Now imagine that you have hundreds of tests, all with tainting enabled and lots of expensive libraries that take seconds to load, suddenly you're in my situation where $WORK's codebase takes tens of minutes to test :-(

I thought this was a regression since I'm sure this used to work but I've yet to find a version where it works correctly.

I appreciate this is hard to make work as you can only adjust the taint mode at perl startup time and the worker you're forking doesn't have it enabled so can we either have multiple workers based on the set of interpreter flags we see in test files? Or an ugly hack to run all of yath under taint worker and all.

exodist commented 1 year ago

Hmm. It may be possible to add some logic to preload tools that acounts for this.

Maybe something like this: taint_stage FOO => sub { ... }

This can add a stage that need sot have taint checking turned on. When the runner is initializing stages it can launch a new perl interpreter to start the stage, instead of a plain fork. The one it starts can have taint enabled at the start.

This would only really work for top-level stages, as the new process will not be able to inherit anything preloaded in earlier stages. But child-stages of the taint one(s) would inherit taint checking.
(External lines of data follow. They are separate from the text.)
Lemma one_free_thread n m (c : circ k n m) : one_free (thread c).
Proof.
rewrite /one_free.
elim: c => //= [? ? g | ? ? g | > [-> ->] > [-> ->] | n1 m1 n2 m2 > [-> ->] > [-> ->]] //.
- by case: g.
- by apply: one_free_mirror; case: g.
have [-> ->] := one_free_id_circ n2; have [-> ->] := one_free_id_circ m1.
have [-> ->] := one_free_cross m1 n2.
by have [-> ->] := one_free_mirror (one_free_cross m1 m2).
Qed.

Definition single_one n m (c : circ k n m) : circ k n m :=
  c_seq (c_par (c_gen (g_one k)) (id_circ n))
    (c_seq (thread c) (c_par (c_gen (g_discard k)) (id_circ m))).

Lemma count_one_single_one n m (c : circ k n m) :
  count_one (single_one c) = 1%N /\ count_one_op (single_one c) = 0%N.
Proof.
rewrite /=; have [-> ->] := one_free_id_circ n; have [-> ->] := one_free_id_circ m.
by have [-> ->] := one_free_thread c.
Qed.

Lemma sem_one_par_id n (u : vec n) w :
  sem (c_par (c_gen (g_one k)) (id_circ n)) u w <-> w = row_mx one u.
Proof.
rewrite -{1}[u](row_thin_mx 0) sem_par_row sem_id_circ /=.
split=> [[w0 ->] | ->]; last by rewrite row_mxKl row_mxKr one_ord0.
by rewrite -{1}[w]hsubmxK (_ : lsubmx w = one) //; apply/rv1P; rewrite w0 one_ord0.
Qed.

Lemma sem_discard_par_id m (a : vec 1) (v w : vec m) :
  sem (c_par (c_gen (g_discard k)) (id_circ m)) (row_mx a v) w <-> v = w.
Proof. by rewrite -{1}[w](row_thin_mx 0) sem_par_rows sem_id_circ /=; split=> [[] |]. Qed.

Lemma sem_single_one n m (c : circ k n m) u v : sem (single_one c) u v <-> sem c u v.
Proof.
rewrite (sem_seq_detl (sem_one_par_id u)).
split=> [[w [/carries_one_thread[v' -> s] /sem_discard_par_id <-]] // | s].
by exists (row_mx one v); split; [apply/carries_one_thread; exists v | exact/sem_discard_par_id].
Qed.

End OneWire.

Theorem proposition12 (k : fieldType) (n m : nat) (c : circ k n m) :
  exists d : circ k n m,
    count_one d = 1%N /\ count_one_op d = 0%N /\
    (forall u v, sem c u v <-> sem d u v).
Proof.
exists (single_one c); have [-> ->] := count_one_single_one c.
by do 2!split=> //; move=> u v; rewrite sem_single_one.
Qed.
I am not sure how soon I could get to this. But Using the specification above, if you wanted to look into writing a PR I should be able to review it and/or give pointers and release it once it is working.

JRaspass commented 1 year ago

So after bashing my head against this for a few hours I'm not really sure how to achieve what you suggest and could do with a few pointers.

So I found where you fork in Test2::Harness::Runner::Preloader::launch_stage() and while I could easily exec a new perl interpreter with tainting enabled, I don't see how to make said interpreter have the correct state to continue execution and go on to call start_stage. Damn this would be so much easier if tainting could be toggled at runtime.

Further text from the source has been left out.